Items listed in a dataset

(* Let $k \geq 2$ be an integer, let $u_1, \dots, u_k \in \mathbb{R}$ be real numbers that are not all equal, and let $c_1, \dots, c_k \in \mathbb{R}$. Let $(a, b) \in \mathbb{R}^2$ be a solution of the optimization problem $$\min_{a, b \in \mathbb{R}} \sum_{i=1}^k (a u_i + b + c_i)^2 .$$ Then $$a \leq \zeta(\mathbf{u}) \max_{1 \leq i \leq k} |c_i| \qquad \text{and} \qquad b = -\frac{1}{k}\sum_{i=1}^k c_i - \frac{a}{k}\sum_{i=1}^k u_i,$$ where $\zeta(\mathbf{u}) = \dfrac{2\sum_{1 \leq i<j \leq k}|u_i-u_j|}{\sum_{1 \leq i<j \leq k}(u_i-u_j)^2}$.
   Context: $\mathbf{u} = (u_1, \dots, u_k)$ denotes the vector of the given constants $u_i$. *)

From mathcomp Require Import all_boot all_order all_algebra.
From mathcomp Require Import reals.
Set Implicit Arguments. Unset Strict Implicit. Unset Printing Implicit Defensive.
Import Order.TTheory GRing.Theory Num.Theory.
Local Open Scope ring_scope.

Definition lsq_obj (R : realType) (k : nat) (u c : 'I_k -> R) (a b : R) : R :=
  \sum_(i < k) (a * u i + b + c i) ^+ 2.

Definition zeta (R : realType) (k : nat) (u : 'I_k -> R) : R :=
  (2 * \sum_(i < k) \sum_(j < k | (i < j)%N) `|u i - u j|) /
  (\sum_(i < k) \sum_(j < k | (i < j)%N) (u i - u j) ^+ 2).

(* max_{1<=i<=k} |c_i| (nonnegative values, so 0 is a neutral element). *)
Definition max_abs (R : realType) (k : nat) (c : 'I_k -> R) : R :=
  \big[Num.max/0]_(i < k) `|c i|.

From mathcomp Require Import all_boot all_order all_algebra.
From mathcomp Require Import reals.
From mathcomp Require Import ring.
Set Implicit Arguments. Unset Strict Implicit. Unset Printing Implicit Defensive.
Import Order.TTheory GRing.Theory Num.Theory.
Local Open Scope ring_scope.

(* Optimality of (a, b) along the directions (0, 1) and (1, 0) gives the normal
   equations [\sum_i r_i = 0] and [\sum_i r_i u_i = 0] for the residuals
   [r_i = a u_i + b + c_i]; the first one is the formula for b.  By the identity
   [\sum_(i<j) (x_i - x_j)(y_i - y_j) = k \sum_i x_i y_i - \sum_i x_i \sum_i y_i],
   the normal equations give [\sum_(i<j) (u_i - u_j)(r_i - r_j) = 0], that is
   [a \sum_(i<j) (u_i - u_j)^2 = - \sum_(i<j) (u_i - u_j)(c_i - c_j)], and
   [|c_i - c_j| <= 2 max_i |c_i|] bounds the right-hand side. *)

Lemma sum_pairs_sym (V : nmodType) (k : nat) (f : 'I_k -> 'I_k -> V) :
  (forall i j, f i j = f j i) -> (forall i, f i i = 0) ->
  \sum_(i < k) \sum_(j < k) f i j = (\sum_(i < k) \sum_(j < k | (i < j)%N) f i j) *+ 2.
Proof.
move=> f_sym f_diag.
have split_row i : \sum_(j < k) f i j =
    \sum_(j < k | (i < j)%N) f i j + \sum_(j < k | (j < i)%N) f i j.
  rewrite (bigID (fun j : 'I_k => (i < j)%N)) /= [X in _ + X](bigD1 i) ?ltnn //=.
  rewrite f_diag add0r.
  congr (_ + _); apply: eq_bigl => j.
  by rewrite -leqNgt ltn_neqAle andbC; congr (_ && _); rewrite -(inj_eq val_inj).
rewrite (eq_bigr _ (fun i _ => split_row i)) big_split /= mulr2n; congr (_ + _).
rewrite (exchange_big_dep xpredT) //=.
by apply: eq_bigr => i _; apply: eq_bigr => j _; rewrite f_sym.
Qed.

Lemma sum_pairs_mul_diff (R : numDomainType) (k : nat) (x y : 'I_k -> R) :
  \sum_(i < k) \sum_(j < k | (i < j)%N) (x i - x j) * (y i - y j) =
  k%:R * \sum_(i < k) x i * y i - (\sum_(i < k) x i) * (\sum_(i < k) y i).
Proof.
apply/eqP; rewrite -(eqr_pMn2r (isT : (0 < 2)%N)) -sum_pairs_sym; last 2 first.
- by move=> i j; ring.
- by move=> i; ring.
apply/eqP.
have row i : \sum_(j < k) (x i - x j) * (y i - y j) =
    k%:R * (x i * y i) - x i * \sum_(j < k) y j - y i * \sum_(j < k) x j
    + \sum_(j < k) x j * y j.
  rewrite (eq_bigr (fun j => x i * y i - x i * y j - y i * x j + x j * y j));
    last by move=> j _; ring.
  by rewrite !big_split !sumrN /= sumr_const card_ord -!mulr_sumr mulr_natl.
rewrite (eq_bigr _ (fun i _ => row i)) !big_split !sumrN /= sumr_const card_ord.
rewrite -!mulr_sumr -!mulr_suml; ring.
Qed.

Lemma sum_pairs_sqr_gt0 (R : realDomainType) (k : nat) (x : 'I_k -> R) :
  (exists i j, x i != x j) ->
  0 < \sum_(i < k) \sum_(j < k | (i < j)%N) (x i - x j) ^+ 2.
Proof.
case=> i [j xij]; rewrite -(ltr_pMn2r (isT : (0 < 2)%N)) mul0rn -sum_pairs_sym;
  last 2 first.
- by move=> l m; ring.
- by move=> l; ring.
have sqr_diff_ge0 l m : 0 <= (x l - x m) ^+ 2 by exact: sqr_ge0.
rewrite (bigD1 i) //= (bigD1 j) //= -addrA ltr_wpDr //.
  by rewrite addr_ge0 ?sumr_ge0 // => l _; rewrite sumr_ge0.
by rewrite exprn_even_gt0 // subr_eq0.
Qed.

Lemma sum_sqr_min_orth (R : realFieldType) (I : Type) (r : seq I) (x y : I -> R) :
  (forall t, \sum_(i <- r) x i ^+ 2 <= \sum_(i <- r) (x i + t * y i) ^+ 2) ->
  \sum_(i <- r) x i * y i = 0.
Proof.
set S := \sum_(i <- r) x i * y i; set Q := \sum_(i <- r) y i ^+ 2 => x_min.
have Q_ge0 : 0 <= Q by rewrite sumr_ge0 // => i _; exact: sqr_ge0.
have expand t : \sum_(i <- r) (x i + t * y i) ^+ 2 =
    \sum_(i <- r) x i ^+ 2 + t * (S *+ 2 + t * Q).
  rewrite /S /Q -sumrMnl mulr_sumr -big_split mulr_sumr -big_split /=.
  by apply: eq_bigr => i _; ring.
(* At [t = - S / (Q + 1)] the increment is [- t ^+ 2 * (Q + 2)], negative unless
   [S = 0]; dividing by [Q + 1] rather than [Q] avoids a case split on [Q = 0]. *)
pose t := - S / (Q + 1).
have tQ : t * (Q + 1) = - S by rewrite /t mulfVK // gt_eqF // ltr_wpDl.
have := x_min t; rewrite expand lerDl.
have -> : t * (S *+ 2 + t * Q) = - (t ^+ 2 * (Q + 2)).
  have -> : S = - (t * (Q + 1)) by rewrite tQ opprK.
  ring.
rewrite oppr_ge0 pmulr_lle0 ?ltr_wpDl // => t2_le0.
have t0 : t = 0 by apply/eqP; rewrite -sqrf_eq0 eq_le t2_le0 sqr_ge0.
by apply: oppr_inj; rewrite -tQ t0 mul0r oppr0.
Qed.

Lemma norm_sum_pairs_mul_diff_le (R : realDomainType) (k : nat) (x y : 'I_k -> R) M :
  (forall i, `|y i| <= M) ->
  `|\sum_(i < k) \sum_(j < k | (i < j)%N) (x i - x j) * (y i - y j)| <=
  (\sum_(i < k) \sum_(j < k | (i < j)%N) `|x i - x j|) * (2 * M).
Proof.
move=> y_le; rewrite mulr_suml; apply: le_trans (ler_norm_sum _ _ _) _.
apply: ler_sum => i _; rewrite mulr_suml; apply: le_trans (ler_norm_sum _ _ _) _.
apply: ler_sum => j _; rewrite normrM ler_wpM2l //.
by rewrite mulr2n mulrDl mul1r (le_trans (ler_normB _ _)) // lerD.
Qed.

Lemma lsq_opt_normal_eqs (R : realType) (k : nat) (u c : 'I_k -> R) a b :
  (forall a' b', lsq_obj u c a b <= lsq_obj u c a' b') ->
  \sum_(i < k) (a * u i + b + c i) = 0 /\
  \sum_(i < k) (a * u i + b + c i) * u i = 0.
Proof.
move=> opt.
have shift_b t : lsq_obj u c a (b + t) = \sum_(i < k) (a * u i + b + c i + t * 1) ^+ 2.
  by apply: eq_bigr => i _; congr (_ ^+ 2); ring.
have shift_a t : lsq_obj u c (a + t) b = \sum_(i < k) (a * u i + b + c i + t * u i) ^+ 2.
  by apply: eq_bigr => i _; congr (_ ^+ 2); ring.
split; last by apply: sum_sqr_min_orth => t; rewrite -shift_a; exact: opt.
rewrite -(eq_bigr _ (fun i _ => mulr1 _)).
by apply: sum_sqr_min_orth => t; rewrite -shift_b; exact: opt.
Qed.

Lemma lsq_opt_slope (R : realType) (k : nat) (u c : 'I_k -> R) a b :
  (forall a' b', lsq_obj u c a b <= lsq_obj u c a' b') ->
  a * \sum_(i < k) \sum_(j < k | (i < j)%N) (u i - u j) ^+ 2 =
  - \sum_(i < k) \sum_(j < k | (i < j)%N) (u i - u j) * (c i - c j).
Proof.
move=> /lsq_opt_normal_eqs[sum_res sum_res_u].
have pairs_res0 : \sum_(i < k) \sum_(j < k | (i < j)%N)
    ((a * u i + b + c i) - (a * u j + b + c j)) * (u i - u j) = 0.
  rewrite (sum_pairs_mul_diff (fun i => a * u i + b + c i)) sum_res sum_res_u.
  by rewrite mulr0 mul0r subr0.
apply/eqP; rewrite -addr_eq0; apply/eqP.
rewrite -[RHS]pairs_res0 mulr_sumr -big_split.
apply: eq_bigr => i _; rewrite mulr_sumr -big_split /=; apply: eq_bigr => j _; ring.
Qed.

Theorem propositionA1 (R : realType) (k : nat) (hk : (2 <= k)%N)
  (u c : 'I_k -> R)
  (hu : exists i j : 'I_k, u i != u j)
  (a b : R)
  (hopt : forall a' b' : R, lsq_obj u c a b <= lsq_obj u c a' b') :
  a <= zeta u * max_abs c /\
  b = - (k%:R)^-1 * (\sum_(i < k) c i) - a / k%:R * (\sum_(i < k) u i).
Proof.
split.
  rewrite /zeta mulrAC ler_pdivlMr ?sum_pairs_sqr_gt0 // (lsq_opt_slope hopt).
  rewrite -mulrA mulrCA; apply: ler_normlW; rewrite normrN.
  by apply: norm_sum_pairs_mul_diff_le => i; exact: le_bigmax.
have k_neq0 : k%:R != 0 :> R by rewrite pnatr_eq0 -lt0n (leq_trans _ hk).
have [sum_res _] := lsq_opt_normal_eqs hopt.
rewrite !big_split /= -mulr_sumr sumr_const card_ord in sum_res.
have bk : b *+ k = - (a * \sum_(i < k) u i + \sum_(i < k) c i).
  by apply/eqP; rewrite -addr_eq0 addrCA addrA sum_res.
by rewrite -[b](mulfK k_neq0) mulr_natr bk; field.
Qed.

# Work task
Look through the records and gather every line containing "realDomainType".

# Reply to the task
Lemma sum_pairs_sqr_gt0 (R : realDomainType) (k : nat) (x : 'I_k -> R) :
Lemma norm_sum_pairs_mul_diff_le (R : realDomainType) (k : nat) (x y : 'I_k -> R) M :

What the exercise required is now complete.